● **Task item**
Please report how many lines in the following material hold the string "inner", giving only the number.

= = =

Lemma lim_Cmod (w0 : Complex.C) : filterlim Cmod (locally w0) (locally (Cmod w0)).
Proof. apply (filterlim_norm (V := C_NormedModule)). Qed.

(* A real step d q = r < 0 with Re(a q) < 0 increases the modulus:
   Re(conj(a) d) |q|^2 = r Re(a q) > 0 and |a + d|^2 = |a|^2 + 2 Re(conj(a) d) + |d|^2. *)
Lemma Cmod_lt_real_step a d q r :
  Cmult d q = RtoC r -> r < 0 -> Re (Cmult a q) < 0 -> Cmod a < Cmod (Cplus a d).
Proof.
  intros Hstep Hr Haq.
  assert (Hre : Re d * Re q - Im d * Im q = r)
    by (apply (f_equal Re) in Hstep; exact Hstep).
  assert (Him : Re d * Im q + Im d * Re q = 0)
    by (apply (f_equal Im) in Hstep; exact Hstep).
  change (Re a * Re q - Im a * Im q < 0) in Haq.
  set (inner := Re a * Re d + Im a * Im d).
  assert (Hinner : inner * (Re q ^ 2 + Im q ^ 2) = r * (Re a * Re q - Im a * Im q)).
  { unfold inner. rewrite <- Hre.
    transitivity (r * (Re a * Re q - Im a * Im q)
      + (Re d * Re q - Im d * Im q - r) * (Re a * Re q - Im a * Im q)
      + (Re d * Im q + Im d * Re q) * (Re a * Im q + Im a * Re q)); [ring|].
    rewrite Him, Hre. ring. }
  assert (Hpos : 0 < inner).
  { assert (0 < inner * (Re q ^ 2 + Im q ^ 2)) by (rewrite Hinner; nra).
    pose proof (pow2_ge_0 (Re q)). pose proof (pow2_ge_0 (Im q)). nra. }
  assert (Hsq : Cmod a ^ 2 < Cmod (Cplus a d) ^ 2).
  { rewrite !Cmod2_alt. unfold inner in Hpos. simpl. unfold Re, Im in *.
    pose proof (pow2_ge_0 (fst d)). pose proof (pow2_ge_0 (snd d)). nra. }
  pose proof (Cmod_ge_0 a). pose proof (Cmod_ge_0 (Cplus a d)). nra.
Qed.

= = =

● **Answer space**
6